Synthetic muscles built from DNA nanotube scaffolds can be used to study how myosin motors work together to make real muscles function.

The generation of muscle force and velocity is achieved through the collective action of billions of nanoscale motors known as myosin molecules. Inside muscle tissue these molecular motors are arranged in a highly ordered pattern that is intimately linked to the mechanism of contraction, but how exactly the actions of individual myosins are coordinated to give rise to the emergent properties of muscle remains unclear1. Studying whole-muscle tissue to try to understand this coordination is too difficult because the measures produced represent the average behaviour of billions of motors, washing out the exquisite behaviour of a single motor. Conversely, while single-molecule assays can reveal important properties about an individual motor, they provide little insight into coordination between motors2. Writing in Nature Nanotechnology, Sivaraj Sivaramakrishnan and colleagues at the University of Michigan and Stanford University School of Medicine now report a new approach to bridge this knowledge gap in which DNA nanotubes are used to mechanically couple and manipulate myosin motors3.

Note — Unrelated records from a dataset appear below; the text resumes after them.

Lemma measurable_preimage_seq (s : seq F) : measurable [set u | f u \in s].
Proof.
elim: s => [|a s IH]; last by rewrite preimage_seq_cons; exact: measurableU.
by rewrite (_ : [set _ | _] = set0) //; apply/seteqP; split => u.
Qed.

Lemma measure_preimage_seq (mu : {measure set T -> \bar R}) (s : seq F) :
  uniq s -> mu [set u | f u \in s] = (\sum_(a <- s) mu (f @^-1` [set a]))%E.
Proof.
elim: s => [_|a s IH /= /andP[a_s s_uniq]].
  by rewrite big_nil (_ : [set _ | _] = set0) ?measure0 //; apply/seteqP; split.
rewrite big_cons -IH // preimage_seq_cons measureU //.
  exact: measurable_preimage_seq.
by apply/seteqP; split => // u [/= ->]; rewrite (negbTE a_s).
Qed.

Lemma measure_preimage_pred (mu : {measure set T -> \bar R}) (phi : pred F) :
  mu [set u | phi (f u)] = (\sum_(a | phi a) mu (f @^-1` [set a]))%E.
Proof.
rewrite -big_filter -measure_preimage_seq ?filter_uniq ?index_enum_uniq //.
by congr (mu _); apply/seteqP; split => u /=; rewrite mem_filter mem_index_enum andbT.
Qed.

Lemma probability_fibers_sum1 (P : probability T R) :
  \sum_(v : F) fine (P (f @^-1` [set v])) = 1.
Proof.
rewrite sum_fine => [|v _]; last exact: fin_num_measure.
rewrite -measure_preimage_pred.
have -> : [set u | predT (f u)] = setT by apply/seteqP; split.
exact: (congr1 fine (probability_setT P)).
Qed.
End FiniteValuedPreimages.

Lemma ler_sum_sub (R : numDomainType) (I : finType) (P Q : pred I) (F : I -> R) :
  (forall i, 0 <= F i) -> (forall i, P i -> Q i) ->
  \sum_(i | P i) F i <= \sum_(i | Q i) F i.
Proof.
move=> F_ge0 PQ; rewrite [leLHS]big_mkcond [leRHS]big_mkcond /=.
by apply: ler_sum => i _; case: (boolP (P i)) => [/PQ ->|_]; case: (Q i).
Qed.

Section ResponseTypes.
Variables (R : realType) (C Z : finType).
Variables (dX dZ dY : measure_display)
  (TX : measurableType dX) (TZ : measurableType dZ) (TY : measurableType dY).
Variables (PX : probability TX R) (PZ : probability TZ R) (PY : probability TY R).
Variables (fX : C -> TX -> bool) (fZ : bool -> C -> TZ -> Z)
  (fY : Z -> C -> TY -> bool).
Hypothesis hmeas : scm_measurable fX fZ fY.
Variables (c : C) (x : bool).

(* The response type of a unit in context c: its treatment X, its potential
   mediators (Z_x, Z_x'), and its outcome response function z |-> Y_z. *)
Definition resp := ((bool * (Z * Z)) * {ffun Z -> bool})%type.

Definition resp_of (u : noise TX TZ TY) : resp :=
  ((fX c u.1.1, (fZ x c u.1.2, fZ (~~ x) c u.1.2)), [ffun z => fY z c u.2]).

Definition fibX (b : bool) : set TX := [set t | fX c t = b].
Definition fibZ (p : Z * Z) : set TZ := [set t | (fZ x c t, fZ (~~ x) c t) = p].
Definition fibY (g : {ffun Z -> bool}) : set TY := [set t | [ffun z => fY z c t] = g].

Definition qX (b : bool) : R := fine (PX (fibX b)).
Definition qZ (p : Z * Z) : R := fine (PZ (fibZ p)).
Definition qY (g : {ffun Z -> bool}) : R := fine (PY (fibY g)).

(* By independence of the noises, response types have product weights. *)
Definition weight (a : resp) : R := qX a.1.1 * qZ a.1.2 * qY a.2.

Definition mass (phi : pred resp) : R := \sum_(a | phi a) weight a.

Lemma measurable_fibX b : measurable (fibX b).
Proof. by case: hmeas => mX _; exact: mX. Qed.

Lemma measurable_fibZ p : measurable (fibZ p).
Proof.
case: hmeas => _ [mZ _]; case: p => z1 z2.
rewrite (_ : fibZ _ = [set t | fZ x c t = z1] `&` [set t | fZ (~~ x) c t = z2]).
  exact: measurableI.
by apply/seteqP; split => t /=; [case|move=> [<- <-]].
Qed.

Lemma measurable_fibY g : measurable (fibY g).
Proof.
case: hmeas => _ [_ mY].
rewrite (_ : fibY _ = \big[setI/setT]_(z <- index_enum Z) [set t | fY z c t = g z]).
  by apply: bigsetI_measurable => z _; exact: mY.
apply/seteqP; split => t /=; rewrite -bigcap_seq.
  by move=> <- z _ /=; rewrite ffunE.
by move=> Hg; apply/ffunP => z; rewrite ffunE; apply: Hg; exact: mem_index_enum.
Qed.

Lemma resp_of_fiber a : resp_of @^-1` [set a] = (fibX a.1.1 `*` fibZ a.1.2) `*` fibY a.2.
Proof.
apply/seteqP; split => [u /= <- //|[[u1 u2] u3] /= [[h1 h2] h3]].
by rewrite /resp_of /= h1 h2 h3 -!surjective_pairing.
Qed.

Lemma measurable_resp_fiber a : measurable (resp_of @^-1` [set a]).
Proof.
rewrite resp_of_fiber; apply: measurableX; last exact: measurable_fibY.
by apply: measurableX; [exact: measurable_fibX|exact: measurable_fibZ].
Qed.

Lemma noise_law_resp_fiber a : noise_law PX PZ PY (resp_of @^-1` [set a]) = (weight a)%:E.
Proof.
have mX := measurable_fibX a.1.1; have mZ := measurable_fibZ a.1.2.
have mY := measurable_fibY a.2.
rewrite resp_of_fiber /noise_law (product_measure1E (PX \x PZ)%E) //; last first.
  exact: measurableX.
rewrite [X in (X * _)%E](_ : _ = PX (fibX a.1.1) * PZ (fibZ a.1.2))%E.
  by rewrite /weight !EFinM !fineK //; exact: fin_num_measure.
exact: product_measure1E.
Qed.

Lemma noise_law_resp (phi : pred resp) :
  noise_law PX PZ PY [set u | phi (resp_of u)] = (mass phi)%:E.
Proof.
rewrite /noise_law (measure_preimage_pred measurable_resp_fiber ((PX \x PZ) \x PY)%E).
rewrite /mass -sumEFin.
by apply: eq_bigr => a _; exact: noise_law_resp_fiber.
Qed.

Lemma qX_ge0 b : 0 <= qX b. Proof. exact/fine_ge0/measure_ge0. Qed.
Lemma qZ_ge0 p : 0 <= qZ p. Proof. exact/fine_ge0/measure_ge0. Qed.
Lemma qY_ge0 g : 0 <= qY g. Proof. exact/fine_ge0/measure_ge0. Qed.

Lemma mass_ge0 phi : 0 <= mass phi.
Proof. by apply: sumr_ge0 => a _; rewrite !mulr_ge0 ?qX_ge0 ?qZ_ge0 ?qY_ge0. Qed.

Lemma sum_qX : \sum_b qX b = 1.
Proof. exact: (probability_fibers_sum1 (f := fX c) measurable_fibX). Qed.

Lemma sum_qZ : \sum_p qZ p = 1.
Proof.
exact: (probability_fibers_sum1 (f := fun t => (fZ x c t, fZ (~~ x) c t)) measurable_fibZ).
Qed.

Lemma sum_qY : \sum_g qY g = 1.
Proof.
exact: (probability_fibers_sum1 (f := fun t => [ffun z => fY z c t]) measurable_fibY).
Qed.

In striated muscle, myosin motors are assembled as polymers that form 1.5–2.5-μm-thick filaments with a longitudinal motor spacing of 14.3 nm and a helical repeat of 42.9 nm; the researchers mimicked and manipulated this spacing by using 5-μm-thick DNA nanotubes (Fig. 1). The DNA nanotubes contain discrete numbers of myosin motors, and allow motor coordination to be probed by varying the number and spacing between motors, as well as the stiffness of their connection to the nanotube. Initial experiments used processive non-muscle myosin motors, myosin V and myosin VI, which normally operate as single motors to transport cargo within cells4,5. With the DNA nanotubes adhered to a glass coverslip surface, they measured the velocity that these motors could move their molecular track, actin. Consistent with earlier reports, which coupled multiple myosin V motors directly6 or through incorporation into a vesicle7, they observed a slower velocity than that observed for individual motors8. This suggests that mechanically coupling motors together negatively affects the function of an individual motor, possibly mediated through the intermolecular strain between motors. A second set of experiments demonstrated that increasing the space between motors by two- or even threefold had no further effect on velocity; a finding that is similar to the behaviour of non-processive muscle myosins9.

Figure 1: Building synthetic muscle to better understand contraction.

a, DNA nanotubes (right) are used to mimic the architecture of the myosin thick filament in muscle (left), which has a longitudinal motor spacing of 14.3 nm and a helical repeat of 42.9 nm. b, Myosin motors can be attached to the nanotubes to closely match the 14.3-nm spacing in muscle. The approach also allows the spacing and stiffness of the connection to the motor to be manipulated, providing unique insights into the mechanical coupling between motors. Arrow indicates direction of actin filament motion. Figure adapted from ref. 3, Nature Publishing Group.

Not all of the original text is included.